This has become necessary since the introduction of
commit "9dfc685e0262d ("inet: remove races in inet{6}_getname()")
The socket is already locked in the context that
"kernel_getpeername" used to get called by either
rds_tcp_recv_path" or "tcp_v{4,6}_rcv",
and therefore causing a deadlock.
Luckily, the fan-out need not happen in-context nor fast,
so we can easily just do the same in a background worker.
Also, while we're doing this, we get rid of the unused
struct members "t_conn_w", "t_send_w", "t_down_w" & "t_recv_w".
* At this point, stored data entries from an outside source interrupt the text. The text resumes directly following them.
(* Let $T>0$, $B=e_3$ constant, and let $E:[0,T]\times\mathbb{R}^2\to\mathbb{R}^2$ be bounded and Lipschitz. For $\Delta t>0$, $\varepsilon>0$ set $t^n=n\Delta t$, $\lambda=\Delta t/\varepsilon^2$, and given $(x^0,v^0)$ define $(x^n,v^n)$ by $$\varepsilon\frac{x^{n+1}-x^n}{\Delta t}=v^{n+1},\qquad \varepsilon\frac{v^{n+1}-v^n}{\Delta t}=\frac1\varepsilon v^{n+1}\wedge e_3+E(t^n,x^n),$$ and $(y^n)$ by the modified initial datum $y^0=x^0+\varepsilon\big(v^0\wedge e_3+\varepsilon E(t^0,x^0)\big)$ and $\dfrac{y^{n+1}-y^n}{\Delta t}=E(t^n,y^n)\wedge e_3$. Then there exist $C>0$ and $\lambda_0>0$ depending only on $E$ and $T$ such that whenever $0<\Delta t\le1$ and $\lambda\ge\lambda_0$, for all $n\ge1$ with $t^n\le T$, $$\|x^n-y^n\|\le\frac{C\,\Delta t}{\lambda}\Big[1+\Big(\frac1\lambda+\Delta t\Big)\Big\|\frac{v^0}{\varepsilon}-E(t^0,x^0)\wedge e_3\Big\|\Big].$$
   Context: Vectors of $\mathbb{R}^2$ are identified with vectors $(w_1,w_2,0)$ of $\mathbb{R}^3$, $e_3=(0,0,1)$, and $\wedge$ is the cross product; thus for $w\in\mathbb{R}^2$, $w\wedge e_3=(w_2,-w_1)\in\mathbb{R}^2$. *)

From Stdlib Require Import Reals Lra.
Open Scope R_scope.

Definition vec2 : Type := (R * R)%type.
Lemma MP_inverse_unique A X Y : is_MP_inverse A X -> is_MP_inverse A Y -> X = Y.
Proof.
case=> AXA XAX hAX hXA [AYA YAY hAY hYA].
have hA_AY : hadj A = hadj A *m (A *m Y) by rewrite -[in LHS]AYA hadjM hAY.
have hA_XA : hadj A = X *m A *m hadj A.
  by rewrite -[in LHS]AXA -mulmxA hadjM hXA.
have -> : X = X *m A *m Y.
  rewrite -[LHS]XAX -mulmxA -hAX hadjM [hadj A]hA_AY.
  by rewrite (mulmxA (hadj X)) -hadjM hAX !mulmxA XAX.
rewrite -[RHS]YAY -hYA hadjM [hadj A]hA_XA.
by rewrite -(mulmxA _ (hadj A)) -hadjM hYA -!mulmxA (mulmxA Y) YAY.
Qed.

Lemma MP_inverse_hermitian A X : hadj A = A -> is_MP_inverse A X -> hadj X = X.
Proof.
move=> hA AX; apply: (MP_inverse_unique (A := A)) => //.
by rewrite -{1}hA; apply: MP_inverse_hadj.
Qed.

(* With S = T T^*, the matrix M = (1 - S S^+) T satisfies M M^* = (1 - S S^+) S (1 - S S^+)^* = 0. *)
Lemma MP_inverse_gram_range m (T : 'M[C]_(n, m)) X :
  is_MP_inverse (T *m hadj T) X -> T *m hadj T *m X *m T = T.
Proof.
case=> SXS _ _ _; set E := T *m hadj T *m X.
have ES : (1%:M - E) *m (T *m hadj T) = 0 by rewrite mulmxBl mul1mx SXS subrr.
suff /eqP : (1%:M - E) *m T = 0 by rewrite mulmxBl mul1mx subr_eq0 => /eqP.
by apply: mul_hadj_eq0; rewrite hadjM !mulmxA -(mulmxA _ T) ES mul0mx.
Qed.

End MoorePenrose.

Section IdempotentTrace.
Variable F : fieldType.

Lemma mxtrace_pid n r : (r <= n)%N -> \tr (pid_mx r : 'M[F]_n) = r%:R.
Proof.
move=> le_rn.
rewrite -[r in RHS]card_ord -sumr_const (big_ord_widen n (fun=> 1) le_rn).
by rewrite big_mkcond; apply: eq_bigr => i _; rewrite mxE eqxx; case: (i < r)%N.
Qed.

(* Writing E = L pid_r U with L, U invertible, idempotence forces pid_r (U L) pid_r = pid_r. *)
Lemma mxtrace_idem n (E : 'M[F]_n) : E *m E = E -> \tr E = (\rank E)%:R.
Proof.
move=> EE; have := mulmx_ebase E.
set L := col_ebase E; set U := row_ebase E; set D := pid_mx _ => E_LDU.
have DD : D *m D = D by apply: pid_mx_id; apply: rank_leq_row.
have trD : \tr D = (\rank E)%:R by apply: mxtrace_pid; apply: rank_leq_row.
have DULD : D *m (U *m L) *m D = D.
  have : L *m (D *m (U *m L) *m D) *m U = L *m D *m U.
    by rewrite E_LDU -[RHS]EE -E_LDU !mulmxA.
  move/(congr1 (fun M => invmx L *m (M *m invmx U))).
  by rewrite !mulmxK ?row_ebase_unit // -!mulmxA !mulKmx ?col_ebase_unit.
rewrite -trD -[in RHS]DULD -E_LDU [LHS]mxtrace_mulC [RHS]mxtrace_mulC.
by rewrite (mulmxA D D) DD [RHS]mxtrace_mulC mulmxA.
Qed.

End IdempotentTrace.

Section Frobenius.
Variables (C : numClosedFieldType) (N : nat).

Lemma normC_sub_conj (a b : C) :
  `|a - b^*| ^+ 2 = `|a| ^+ 2 + `|b| ^+ 2 - (a * b + (a * b)^*).
Proof. by rewrite !normCK rmorphB rmorphM /= conjCK; ring. Qed.

Lemma frobenius_sub_hadj (G : 'M[C]_N) :
  \sum_i \sum_j `|G i j - hadj G i j| ^+ 2 =
  (\sum_i \sum_j `|G i j| ^+ 2) *+ 2 - (\tr (G *m G) + (\tr (G *m G))^*).
Proof.
have trGG : \tr (G *m G) = \sum_i \sum_j G i j * G j i.
  by apply: eq_bigr => i _; rewrite mxE.
under eq_bigr => i _ do under eq_bigr => j _ do rewrite hadjE normC_sub_conj.
under eq_bigr => i _ do rewrite sumrB big_split /=.
rewrite sumrB big_split /= [X in _ + X - _]exchange_big /= -mulr2n.
congr (_ - _); rewrite trGG rmorph_sum -big_split; apply: eq_bigr => i _.
by rewrite rmorph_sum -big_split.
Qed.

Lemma idem_frobenius (G : 'M[C]_N) : G *m G = G ->
  (\rank G)%:R <= \sum_i \sum_j `|G i j| ^+ 2 /\
  (\sum_i \sum_j `|G i j| ^+ 2 = (\rank G)%:R <-> hadj G = G).
Proof.
move=> GG; set F := \sum_i \sum_j _.
have skew : \sum_i \sum_j `|G i j - hadj G i j| ^+ 2 = (F - (\rank G)%:R) *+ 2.
  by rewrite frobenius_sub_hadj GG mxtrace_idem // conjC_nat mulrnBl.
have skew_ge0 i j : 0 <= `|G i j - hadj G i j| ^+ 2 by rewrite exprn_ge0.
split.
  rewrite -subr_ge0 -(pmulrn_lge0 _ (isT : (0 < 2)%N)) -skew.
  by do 2!apply: sumr_ge0 => ? _.
split=> [Fr | hG].
  have sum0 : \sum_i \sum_j `|G i j - hadj G i j| ^+ 2 = 0.
    by rewrite skew Fr subrr mul0rn.
  apply/matrixP => i j.
  have row_ge0 k : 0 <= \sum_l `|G k l - hadj G k l| ^+ 2 by apply: sumr_ge0.
  have row0 := psumr_eq0P (fun k _ => row_ge0 k) sum0 (i := i) isT.
  have /eqP := psumr_eq0P (fun l _ => skew_ge0 i l) row0 (i := j) isT.
  by rewrite sqrf_eq0 normr_eq0 subr_eq0 => /eqP ->.
have /eqP : (F - (\rank G)%:R) *+ 2 = 0.
  by rewrite -skew big1 // => i _; rewrite big1 // => j _; rewrite hG subrr normr0 expr0n.
by rewrite mulrn_eq0 subr_eq0 => /eqP.
Qed.

End Frobenius.

Section Orthogonality.
Variables (C : numClosedFieldType) (n : nat).
Implicit Types U V W : 'M[C]_n.

Lemma rank_perp U : \rank (perp U) = (n - \rank U)%N.
Proof. by rewrite mxrank_ker rank_hadj. Qed.

Lemma hadj_mul_perp m p U (X : 'M[C]_(n, m)) (Y : 'M[C]_(n, p)) :
  (X^T <= U)%MS -> (Y^T <= perp U)%MS -> hadj X *m Y = 0.
Proof.
case/submxP => D XU /sub_kermxP YU; apply: trmx_inj; rewrite trmx_mul trmx0.
have -> : (hadj X)^T = hadj (X^T) by apply/matrixP => i j; rewrite !mxE.
by rewrite XU hadjM mulmxA YU mul0mx.
Qed.

Lemma hadj_perp_mul m p U (X : 'M[C]_(n, m)) (Y : 'M[C]_(n, p)) :
  (X^T <= perp U)%MS -> (Y^T <= U)%MS -> hadj X *m Y = 0.
Proof.
by move=> XU YU; rewrite -[LHS]hadjK hadjM hadjK (hadj_mul_perp YU XU) hadj0.
Qed.

(* x is orthogonal both to W and to V^perp, which together span C^n. *)
Lemma perp_cap_eq0 W V : row_full (W + perp V) -> (V :&: perp W)%MS = 0.
Proof.
move=> full; set x := (V :&: perp W)%MS.
have Wx : W *m hadj x = 0.
  have /sub_kermxP xW : (x <= perp W)%MS by apply: capmxSr.
  by rewrite -[W]hadjK -hadjM xW hadj0.
have /submxP[D xDV] : (x <= V)%MS by apply: capmxSl.
have perpVx : perp V *m hadj x = 0 by rewrite xDV hadjM mulmxA mulmx_ker mul0mx.
have /submxP[E EWV] : (1%:M <= col_mx W (perp V))%MS by rewrite -addsmxE sub1mx.
rewrite -[x]hadjK -[hadj x]mul1mx EWV -mulmxA mul_col_mx Wx perpVx.
by rewrite col_mx0 mulmx0 hadj0.
Qed.
Lemma ladder_pos_inj : injective ladder_pos.
Proof.
move=> [i b] [j c]; rewrite /ladder_pos /=; have := ltn_ord i; have := ltn_ord j.
by case: b; case: c => /= ? ? ?; try lia; congr pair; apply: val_inj => /=; lia.
Qed.

Lemma ladder_pages_laminar x y u v :
  ladder_adj x y -> ladder_adj u v -> ladder_below x y = ladder_below u v ->
  laminar (minn (ladder_pos x) (ladder_pos y)) (maxn (ladder_pos x) (ladder_pos y))
          (minn (ladder_pos u) (ladder_pos v)) (maxn (ladder_pos u) (ladder_pos v)).
Proof.
case: x y u v => [i b] [j c] [k d] [l g].
move=> /ladder_adj_cols[/= ij ji bc] /ladder_adj_cols[/= kl lk dg].
have := ltn_ord i; have := ltn_ord j; have := ltn_ord k; have := ltn_ord l.
rewrite /laminar /ladder_pos /ladder_below /=.
by move: bc dg; case: b; case: c; case: d; case: g => /=; lia.
Qed.

Lemma ladder_planar : planar (@ladder_adj n).
Proof.
apply: (two_page_planar ladder_pos_inj _ ladder_pages_laminar).
by case: ladder_simple.
Qed.
End Ladder.

Lemma anagram_cat_rev (X : eqType) (s1 s2 : seq X) :
  size s1 = size s2 -> anagram (s1 ++ rev s2) = perm_eq s1 s2.
Proof.
move=> size_s; rewrite /anagram size_cat size_rev -size_s addnn odd_double half_double /=.
by rewrite take_size_cat // drop_size_cat // perm_sym perm_rev perm_sym.
Qed.

Lemma last_iota i l : last i (iota i.+1 l) = i + l.
Proof. by elim: l i => [|l IH] i; rewrite ?addn0 //= IH addnS. Qed.

Section Hairpin.
Variable n : nat.

Definition col k b : ladder n.+1 := (inord k, b).

Lemma col_inj j k b c : j <= n -> k <= n -> col j b = col k c -> j = k /\ b = c.
Proof. by move=> j_n k_n [/(congr1 val)]; rewrite /= !inordK. Qed.

Lemma col_adj_succ k b c : k < n -> ladder_adj (col k b) (col k.+1 c).
Proof.
move=> k_n; have k_n1 : k < n.+1 by lia.
rewrite /ladder_adj /col /= !inordK //; apply/and3P; split; try lia.
by apply/eqP => -[/(congr1 val)]; rewrite /= !inordK //; lia.
Qed.

Lemma col_adj_flip k b : ladder_adj (col k b) (col k (~~ b)).
Proof. by rewrite /ladder_adj /col /= !leqnSn xpair_eqE; case: b; rewrite andbF. Qed.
Reported-by: syzbot+ci858e84e8400d24b3@syzkaller.appspotmail.com
Link: https://ci.syzbot.org/series/1a5ef180-c02c-401d-9df7-670b18570a55
Signed-off-by: Gerd Rausch <gerd.rausch@oracle.com>
Signed-off-by: Allison Henderson <achender@kernel.org>
---
net/rds/tcp.c | 3 +++
net/rds/tcp.h | 7 ++----
net/rds/tcp_connect.c | 2 ++
net/rds/tcp_listen.c | 54 +++++++++++++++++++++++++++++++------------
4 files changed, 46 insertions(+), 20 deletions(-)
diff --git a/net/rds/tcp.c b/net/rds/tcp.c
index 45484a93d75f..02f8f928c20b 100644
--- a/net/rds/tcp.c
+++ b/net/rds/tcp.c
@@ -358,6 +358,8 @@ static void rds_tcp_conn_free(void *arg)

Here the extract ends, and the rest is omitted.